This week’s Riddler Classic is geometry puzzle about randomly slicing a square sandwich.

I have made a square sandwich, and now it’s time to slice it. But rather than making a standard horizontal or diagonal cut, I instead pick two random points along the perimeter of the sandwich and make a straight cut from one point to the other. (These points can be on the same side.)

What is the probability that the smaller resulting piece has an area that is at least one-quarter of the whole area?

My solution:

[Show Solution]

Suppose the sandwich has side length 1. Let $t \in [0,1]$ be location of the first point (measured from a corner).
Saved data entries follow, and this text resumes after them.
(* Let B be the set of constrained vertices; feasibility gives |B| <= t.  Let
   X be the set of colours used by alpha and beta on B and by xi_A on A, so
   |X| <= 3t.  The vertices of B \ A have lists longer than |B| + |X|, so once
   and for all they can be given distinct colours tau(u) from their lists
   outside X.  Every L-colouring g is then recoloured by a permutation of a
   palette C of size O(t^2), independent of g, so that the result xi agrees
   with xi_A on A and uses no colour of X on B \ A.  Since g is determined by
   xi and the permutation, at least |Omega|/|C|! colourings xi arise.
   In a cycle of f(alpha, xi) through constrained vertices, every vertex v has
   a predecessor u with xi(v) = alpha(u) in X, so v lies in A, and a successor
   v' <> v with xi(v') = alpha(v), so alpha(v) <> xi(v) = xi_A(v).  Hence
   alpha and xi_A differ on all the (at least two) vertices of the cycle.  The
   pair (xi, beta) is symmetric. *)

Lemma fcycle_step (T : eqType) (f : T -> T) (s : seq T) x :
  2 <= size s -> uniq s -> fcycle f s -> x \in s ->
  [/\ f x \in s, f x != x & exists2 y, y \in s & f y = x].
Proof.
move=> s2 us cs xs.
have fE y : y \in s -> f y = next s y by move=> ys; apply/eqP; exact: next_cycle cs ys.
split; last by exists (prev s x); rewrite ?mem_prev // fE ?mem_prev ?next_prev.
  by rewrite fE ?mem_next.
have [i s' rot_s] := rot_to xs.
have : uniq (x :: s') by rewrite -rot_s rot_uniq.
rewrite fE // -(next_rot i us) rot_s.
case: s' rot_s => [|y s'] rot_s; first by move: s2; rewrite -(size_rot i) rot_s.
by rewrite /next /= eqxx inE negb_or eq_sym => /andP[/andP[]].
Qed.
Lemma Tterm_se (P : term A) : Tterm P -> hasT (se P) = true /\ hasF (se P) = false.
Proof.
  induction 1 as [|a P1 P2 _ [T1 F1] _ [T2 F2]]; simpl; auto.
  rewrite repl_hasF_false by exact F1. simpl. now rewrite T1, F1, T2, F2.
Qed.

Lemma Fterm_se (P : term A) : Fterm P -> hasF (se P) = true /\ hasT (se P) = false.
Proof.
  induction 1 as [|a P1 P2 _ [F1 T1] _ [F2 T2]]; simpl; auto.
  rewrite repl_hasT_false by exact T1. simpl. now rewrite T1, F1, T2, F2.
Qed.

Definition star_tree (P : term A) : Prop :=
  hasT (se P) = true /\ hasF (se P) = true /\ irreducible (se P).

Lemma lterm_star_tree (P : term A) : lterm P -> star_tree P.
Proof.
  destruct 1 as [a P1 P2 H1 H2 | a P1 P2 H1 H2];
    destruct (Tterm_se _ H1) as [T1 F1], (Fterm_se _ H2) as [F2 T2];
    unfold star_tree; simpl; rewrite repl_hasF_false by exact F1;
    rewrite T1, F1, T2, F2; repeat split; auto;
    apply irreducible_Node; rewrite ?T1, ?F1, ?T2, ?F2; auto.
Qed.

Scheme sterm_mut := Induction for sterm Sort Prop
with cterm_mut := Induction for cterm Sort Prop
with dterm_mut := Induction for dterm Sort Prop.
Combined Scheme star_term_ind from sterm_mut, cterm_mut, dterm_mut.

Lemma star_term_star_tree :
  (forall P, sterm P -> star_tree P) /\ (forall P, cterm P -> star_tree P) /\
  (forall P, dterm P -> star_tree P).
Proof.
  apply star_term_ind; auto using lterm_star_tree;
    intros P Q _ [T1 [F1 I1]] _ [T2 [F2 I2]]; unfold star_tree; simpl;
    rewrite hasT_repl, hasF_repl, T1, F1, T2, F2; simpl; rewrite ?orb_true_r;
    repeat split.
  - apply irreducible_repl; auto using irreducible_LF, se_hasD. exact (repl_T_injective _ T2).
  - apply irreducible_repl; auto using irreducible_LT, se_hasD. exact (repl_F_injective _ F2).
Qed.
Lemma filling_inv_init :
  0 < size k -> 0 < size D -> filling_inv 1 ([:: 1] :: nseq (nk k).-1 [::]).
Proof.
move=> hk hD; have up1 : up_count D 1 = 1.
  have := dyck hD; have := up_count_le D 1.
  by case: (up_count D 1) => [|[|]] //; rewrite /capacity big_ord0.
split=> [||[|j] hj|[|j] hj] /=; rewrite ?up1 ?nth_nseq //; try by case: ifP.
- by rewrite size_nseq prednK.
- by elim: (nk k).-1.
Qed.

Lemma filling_inv_fillT :
  0 < size k -> 0 < size D -> filling_inv (size D) (T k D).
Proof.
move=> hk hD; rewrite /T /fillT.
suff inv_m m : 0 < m <= size D ->
    filling_inv m (foldl (fill_step k D) ([:: 1] :: nseq (nk k).-1 [::]) (iota 2 m.-1)).
  by apply: inv_m; rewrite hD leqnn.
elim: m => [|[|m] IH] // /andP[_ hm]; first exact: filling_inv_init.
rewrite iota_rcons foldl_rcons add2n.
by apply: fill_step_inv => //; apply: IH; exact: ltnW.
Qed.

Hypothesis size_k_gt0 : 0 < size k.
Hypothesis size_D : size D = bigN k.

Lemma fillT_complete :
  [/\ size (T k D) = nk k,
      forall j, j < nk k -> size (nth [::] (T k D) j) = (kk k j).+1 &
      perm_eq (flatten (T k D)) (indices D)].
Proof.
have size_D_gt0 : 0 < size D by rewrite size_D addn_gt0 size_k_gt0.
have [hsz hperm _ hle] := filling_inv_fillT size_k_gt0 size_D_gt0.
split=> // j hj.
have sum_sizes : \sum_(i < nk k) size (nth [::] (T k D) i) = capacity k (nk k).
  rewrite -hsz -size_flatten_nth (perm_size hperm) size_iota size_D hsz.
  by rewrite capacityE -sumn_kk.
exact: (eq_from_leq_sum (fun i : 'I_(nk k) => hle i (ltn_ord i)) sum_sizes (Ordinal hj)).
Qed.

End Filling.

(* The edge of G_R coming from row [r] of a full column of height [h.+1] whose
   top cell has rank [b]. *)
Definition cell_edge (b h r : nat) : nat * nat :=
  if r == 0 then (b + r, b + r + h) else (b + r, (b + r).-1).

Lemma perm_cell_edges b h :
  perm_eq [seq (cell_edge b h r).2 | r <- iota 0 h.+1]
          [seq (cell_edge b h r).1 | r <- iota 0 h.+1].
Proof.
have sources : [seq (cell_edge b h r).1 | r <- iota 0 h.+1] = iota b h.+1.
  by rewrite -[b in RHS]addn0 iotaDl; apply/eq_map => r; rewrite /cell_edge; case: ifP.
have targets : [seq (cell_edge b h r).2 | r <- iota 0 h.+1] = b + h :: iota b h.
  rewrite /cell_edge /= addn0; congr (_ :: _).
  rewrite (iotaDl 1 0) -map_comp -[b in RHS]addn0 iotaDl.
  by apply/eq_map => r /=; rewrite addnCA add1n.
by rewrite sources targets iota_rcons perm_sym perm_rcons.
Qed.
We have three cases to consider:

- If the second point is on the same side (probability $\frac{1}{4}$), the area of the resulting smallest piece will be zero.
- If the second point is on an adjacent side (probability $\frac{1}{2}$), the area of the resulting smallest piece will be $\frac{1}{2}tr$, where $r \in [0,1]$ is the location of the second point on the adjacent side.
- If the second point is on the opposite side (probability $\frac{1}{4}$), the area of the resulting piece will be the smaller of the two resulting quadrilaterals. Specifically, it will be $\min(\frac{t+r}{2},1-\frac{t+r}{2})$, where $r \in [0,1]$ is the location of the second point on the opposite side.
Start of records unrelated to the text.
Lemma exists_low_degree_vertex (V : {set T}) : V != set0 ->
  (forall x, x \in V -> #|[set w in V | w \in N x]| <= d) ->
  exists2 v, v \in V & #|[set w in V | adjacent v w]| <= 2 * d.
Proof.
move=> V_nz out_deg; apply/exists_inP; apply: contraLR V_nz => /exists_inPn big_deg.
have out_sum : \sum_(v in V) \sum_(w in V) (w \in N v : nat) <= #|V| * d.
  rewrite -sum_nat_const; apply: leq_sum => v Vv; rewrite -card_sep_sum.
  exact: out_deg.
have in_sum : \sum_(v in V) \sum_(w in V) (v \in N w : nat) <= #|V| * d.
  by rewrite exchange_big.
have deg_sum : #|V| * (2 * d).+1 <= \sum_(v in V) \sum_(w in V) (adjacent v w : nat).
  rewrite -sum_nat_const; apply: leq_sum => v Vv; rewrite -card_sep_sum ltnNge.
  exact: big_deg.
have adj_sum : \sum_(v in V) \sum_(w in V) (adjacent v w : nat) <=
    \sum_(v in V) \sum_(w in V) (w \in N v : nat) +
    \sum_(v in V) \sum_(w in V) (v \in N w : nat).
  rewrite -big_split; apply: leq_sum => v _; rewrite -big_split; apply: leq_sum => w _.
  by rewrite /adjacent; case: (w \in N v); case: (v \in N w).
rewrite -cards_eq0; lia.
Qed.

Lemma independent_subset (V : {set T}) :
  (forall x, x \in V -> #|[set w in V | w \in N x]| <= d) ->
  exists2 I : {set T}, I \subset V &
    {in I &, forall x y, y \in N x -> y = x} /\ #|V| <= (2 * d).+1 * #|I|.
Proof.
elim: {V}_.+1 {-2}V (ltnSn #|V|) => // k IH V ltVk out_deg.
have [->|V_nz] := eqVneq V set0.
  by exists set0; rewrite ?sub0set ?cards0 //; split=> // x y; rewrite inE.
have [v Vv deg_v] := exists_low_degree_vertex V_nz out_deg.
pose V' := [set w in V | (w != v) && ~~ adjacent v w].
have V'V : V' \subset V by apply/subsetP => w; rewrite inE => /andP[].
have card_V : #|V| <= #|V'| + (2 * d).+1.
  have cover_V : V \subset V' :|: [set w in V | adjacent v w] :|: [set v].
    by apply/subsetP => w Vw; rewrite !inE Vw; case: eqP; case: adjacent.
  apply: leq_trans (subset_leq_card cover_V) _; rewrite -addn1 addnA.
  apply: leq_trans (leq_card_setU _ _) _; rewrite cards1 leq_add2r.
  by apply: leq_trans (leq_card_setU _ _) _; rewrite leq_add2l.
have ltV'k : #|V'| < k.
  suff : #|V'| < #|V| by lia.
  apply: proper_card; rewrite properEneq V'V andbT.
  by apply: (contraTneq _ Vv) => <-; rewrite inE eqxx andbF.
have out_deg' x : x \in V' -> #|[set w in V' | w \in N x]| <= d.
  move=> V'x; apply: leq_trans (out_deg x (subsetP V'V x V'x)).
  by apply/subset_leq_card/subsetP => w; rewrite !inE => /andP[/andP[-> _] ->].
have [I I_V' [I_indep card_V']] := IH V' ltV'k out_deg'.
have vI : v \notin I by apply: contraNN (subsetP I_V' v) _; rewrite inE eqxx andbF.
exists (v |: I); first by rewrite subUset sub1set Vv (subset_trans I_V' V'V).
split; last by rewrite cardsU1 vI; lia.
have far_v w : w \in I -> ~~ adjacent v w.
  by move=> /(subsetP I_V'); rewrite inE => /and3P[].
move=> x y /setU1P[->|Ix] /setU1P[->|Iy] //.
- by move=> Nvy; have := far_v y Iy; rewrite /adjacent Nvy.
- by move=> Nxv; have := far_v x Ix; rewrite /adjacent Nxv orbT.
exact: I_indep.
Qed.
End IndependentSet.

Lemma sum_option (R : nmodType) (J : finType) (G : option J -> R) :
  (\sum_(o : option J) G o = G None + \sum_(j : J) G (Some j))%R.
Proof.
rewrite (bigD1 None) //= (reindex_omap Some id) //; last by case.
by congr (_ + _)%R; apply: eq_bigl => j /=; rewrite eqxx.
Qed.

Section LinearFormPower.
Variables (R : comPzRingType) (a b c : R) (m : nat).
Local Open Scope ring_scope.

(* None indexes the constant 1 and Some (i, j) the term of exponents
   (m - i - j, j, i) of the double binomial expansion; the weight vanishes
   for j > m - i, and minn keeps the degree bound valid there. *)
Let J := option ('I_m.+1 * 'I_m.+1).

Let weight (o : J) : R :=
  if o is Some (i, j) then
    if (j <= m - i)%N then
      - (a ^+ (m - i - j) * b ^+ j * c ^+ i *+ ('C(m, i) * 'C(m - i, j)))
    else 0
  else 1.
Let deg1 (o : J) : nat := if o is Some (i, j) then m - i - j else 0.
Let deg2 (o : J) : nat := if o is Some (i, j) then minn j (m - i) else 0.
Let deg3 (o : J) : nat := if o is Some (i, _) then i else 0.

Lemma one_sub_linear_form_expansion :
  exists (J : finType) (w : J -> R) (e1 e2 e3 : J -> nat),
    (forall j, e1 j + e2 j + e3 j <= m)%N /\
    forall s t u, 1 - (a * s + b * t + c * u) ^+ m =
      \sum_j w j * s ^+ e1 j * t ^+ e2 j * u ^+ e3 j.
Proof.
exists J, weight, deg1, deg2, deg3; split.
  by case=> [[i j]|] //=; have := ltn_ord i; have := ltn_ord j; lia.
move=> s t u; rewrite sum_option /= !expr0 !mulr1 exprDn; congr (_ + _).
have pair_sum (H : 'I_m.+1 * 'I_m.+1 -> R) : \sum_p H p = \sum_i \sum_j H (i, j).
  by rewrite pair_bigA; apply: eq_bigr => -[].
rewrite pair_sum -sumrN; apply: eq_bigr => i _.
rewrite exprDn (big_ord_widen m.+1 (fun j => ((a * s) ^+ (m - i - j) * (b * t) ^+ j)
  *+ 'C(m - i, j))) ?ltnS ?leq_subr // big_mkcond /= mulr_suml -sumrMnl -sumrN.
apply: eq_bigr => j _; rewrite ltnS; case: ifP => [j_le|_]; last first.
  by rewrite mul0r mul0rn oppr0 !mul0r.
rewrite (minn_idPl j_le) !exprMn !mulrnA -!mulNrn.
move: (a ^+ _) (b ^+ _) (c ^+ _) (s ^+ _) (t ^+ _) (u ^+ _) ('C(m, i)) ('C(m - i, j)).
by move=> *; ring.
Qed.
End LinearFormPower.

Definition low_degree_exponents m n : {set {ffun 'I_n -> 'I_m.+1}} :=
  [set al : {ffun 'I_n -> 'I_m.+1} | 3 * \sum_(l < n) al l <= n * m].

Section CommSemiRingSums.
Variable R : comPzSemiRingType.
Local Open Scope ring_scope.

Lemma row_eq0_indicator n (v : 'rV[R]_n) :
  (v == 0)%:R = \prod_l (v 0 l == 0)%:R :> R.
Proof.
have [->|/eqP v_nz] := eqVneq v 0; first by rewrite big1 // => l _; rewrite mxE eqxx.
have [l vl_nz] : exists l, v 0 l != 0.
  apply/existsP; rewrite -negb_forall; apply: contra_notN v_nz => /forallP v0.
  by apply/rowP => l; rewrite mxE; apply/eqP.
by rewrite (bigD1 l) //= (negPf vl_nz) mul0r.
Qed.

Lemma sum_mul_partition (I J : finType) (P : pred I) (p : I -> J)
    (Q : pred J) (A : J -> R) (B : I -> R) :
  (forall i, P i -> Q (p i)) ->
  \sum_(i | P i) A (p i) * B i = \sum_(j | Q j) A j * \sum_(i | P i && (p i == j)) B i.
Proof.
move=> PQ; rewrite (partition_big p Q) //; apply: eq_bigr => j _.
by rewrite mulr_sumr; apply: eq_bigr => i /andP[_ /eqP ->].
Qed.
End CommSemiRingSums.

Section CapBound.
Variables (F : fieldType) (m : nat) (J : finType) (w : J -> F) (e1 e2 e3 : J -> nat).
Variables a b c : F.
Hypothesis deg_le : forall j, (e1 j + e2 j + e3 j <= m)%N.
Hypothesis indicator_expansion : forall s t u : F,
  ((a * s + b * t + c * u == 0)%:R = \sum_j w j * s ^+ e1 j * t ^+ e2 j * u ^+ e3 j)%R.
Local Open Scope ring_scope.

Definition monomial n k (al : {ffun 'I_n -> 'I_k}) (x : 'rV[F]_n) : F :=
  \prod_l x 0 l ^+ al l.

Let deg_lt j : [/\ e1 j < m.+1, e2 j < m.+1 & e3 j < m.+1]%N.
Proof. by have := deg_le j; split; lia. Qed.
We will solve the general case, which is to find the probability that the smallest slice will have a fraction at least $p$ of the total area. the problem asks for $p=\frac{1}{4}$. Since the total area of the square is $1$, we are effectively asking: “what is the probability that the smallest area is at least $p$?”.
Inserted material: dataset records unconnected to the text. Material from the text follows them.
Lemma sum_tpermM (V : zmodType) (n : nat) (F : 'I_n -> 'I_n -> V) (s : 'S_n)
    (i j : 'I_n) : i != j ->
  \sum_k F k ((tperm i j * s)%g k) - \sum_k F k (s k) =
  F i (s j) + F j (s i) - (F i (s i) + F j (s j)).
Proof.
move=> ij; have ji : j != i by rewrite eq_sym.
rewrite (bigD1 i) // (bigD1 j) //= [X in _ - X](bigD1 i) //.
rewrite [in X in _ - X](bigD1 j) //= !permM tpermL tpermR.
rewrite (eq_bigr (fun k => F k (s k))) => [|k /andP[ki kj]]; last first.
  by rewrite permM tpermD // eq_sym.
by rewrite !addrA opprD addrA addrAC addrK.
Qed.

Section OptimalTransport.
Variables (R : realType) (d n : nat) (u Z : 'I_n -> 'rV[R]_d).

Lemma ot_cost_tpermM (s : 'S_n) (i j : 'I_n) :
  n%:R * (ot_cost u Z (tperm i j * s) - ot_cost u Z s) =
  2 * dotv (Z (s j) - Z (s i)) (u j - u i).
Proof.
have [<-|ij] := eqVneq i j; first by rewrite tperm1 mul1g !subrr mulr0 dotv0l mulr0.
have n0 : n%:R != 0 :> R by rewrite pnatr_eq0 -lt0n (leq_ltn_trans _ (ltn_ord i)).
rewrite /ot_cost -mulrBr mulrA mulfV // mul1r.
rewrite (sum_tpermM (fun k a => dotv (Z a - u k) (Z a - u k))) //.
rewrite !(dotvBl, dotvBr) !(dotvC (u _) (Z _)); ring.
Qed.

Lemma is_ot_monotone (s : 'S_n) (i j : 'I_n) : is_ot u Z s ->
  0 <= dotv (Z (s j) - Z (s i)) (u j - u i).
Proof.
move=> opt; have := opt (tperm i j * s)%g; rewrite -subr_ge0 => cost_ge.
have : 0 <= n%:R * (ot_cost u Z (tperm i j * s) - ot_cost u Z s) by exact: mulr_ge0.
by rewrite ot_cost_tpermM pmulr_rge0.
Qed.

End OptimalTransport.

Lemma card_classical_set (T : finType) (P : T -> bool) :
  #|[set x | P x]%classic| = #|[set x | P x]|.
Proof. by apply: eq_card => x; rewrite inE; apply/idP/idP => [/set_mem|/mem_set]. Qed.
**Case 1.** If we are in the first case (points on the same side), the probability that the area is greater than $p$ is zero, since the area is always zero. So we conclude that:

\[

a_1 = 0

\]

**Case 2.** If we are in the second case (points on an adjacent sides), we want the probability that $\frac{1}{2}tr > p$, where $r$ and $t$ are chosen uniformly at random in $[0,1]$. This amounts to computing:

\begin{align}

a_2 &= \int_0^1 \int_0^1 \mathbf{1}\bigl( \tfrac{1}{2}tr \gt p \bigr)\,\mathrm{d}r\,\mathrm{d}t \\

&= \int_{2p}^1 \int_0^1 \mathbf{1}\bigl(r \gt \tfrac{2p}{t} \bigr)\,\mathrm{d}r\,\mathrm{d}t \\

&= \int_{2p}^1 \left( 1-\frac{2p}{t}\right)\,\mathrm{d}t \\

&= 1-2p+2p\log(2p)

\end{align}Note that we had to change the lower bound of the integral for $t$ because when $t \lt 2p$, we have $\tfrac{2p}{t}\gt 1$, so the integrand is zero. Geometrically, this is the fraction of the region $(t,r)\in[0,1]^2$ where $tr\gt p^2$, sketched below.

**Case 3.** If we are in the third case (points on opposite sides), we perform a similar computation with the area of the quadrilateral:

\begin{align}

a_3 &= \int_0^1 \int_0^1 \mathbf{1}\bigl( \min(\tfrac{t+r}{2},1-\tfrac{t+r}{2}) \gt p \bigr)\,\mathrm{d}r\,\mathrm{d}t \\

&= \int_0^1 \int_0^1 \mathbf{1}\bigl( \tfrac{t+r}{2}\gt p\text{ and } 1-\tfrac{t+r}{2} \gt p \bigr) \,\mathrm{d}r\,\mathrm{d}t \\

&= \int_0^1 \int_0^1 \mathbf{1}\bigl( p \lt \tfrac{t+r}{2} \lt 1-p\bigr) \,\mathrm{d}r\,\mathrm{d}t \\

&= \int_0^1 \int_0^1 \mathbf{1}\bigl( 2p \lt t+r \lt 2-2p\bigr) \,\mathrm{d}r\,\mathrm{d}t \\

&= 1-4p^2

\end{align}A trick to evaluating the above integral is to do it geometrically. Sketching the region for which $2p\lt t+r\lt 2-2p$, we see that it is the square of area $1$ with the two corners cut off, whose area is $(2p)^2$, so the result is $1-4p^2$. See below for an illustration.

Putting everything together, the probability that the area of the smallest piece is at least $p$ is given by sum of the probabilities we already calculated, each weighted by their likelihood of occurrence, so $f(p) = \frac{1}{4}a_1 + \frac{1}{2}a_2 + \frac{1}{4}a_3$. Plugging in the results from above and simplifying, we obtain our final answer:

$\displaystyle

f(p) = \frac{3}{4}-p-p^2+p \log (2 p)

$

Here is what the function looks like:

Naturally, the plot only extends to $p=\frac{1}{2}$ because the area of the smaller piece cannot be more than half of the total area. When $p=\frac{1}{4}$ (what the original problem asked about), we obtain $f(\frac{1}{4}) = \frac{7}{16}-\frac{\log (2)}{4}\approx 0.264213$. So the probability that the smaller piece is at least one quarter of the whole area is about 26.4%.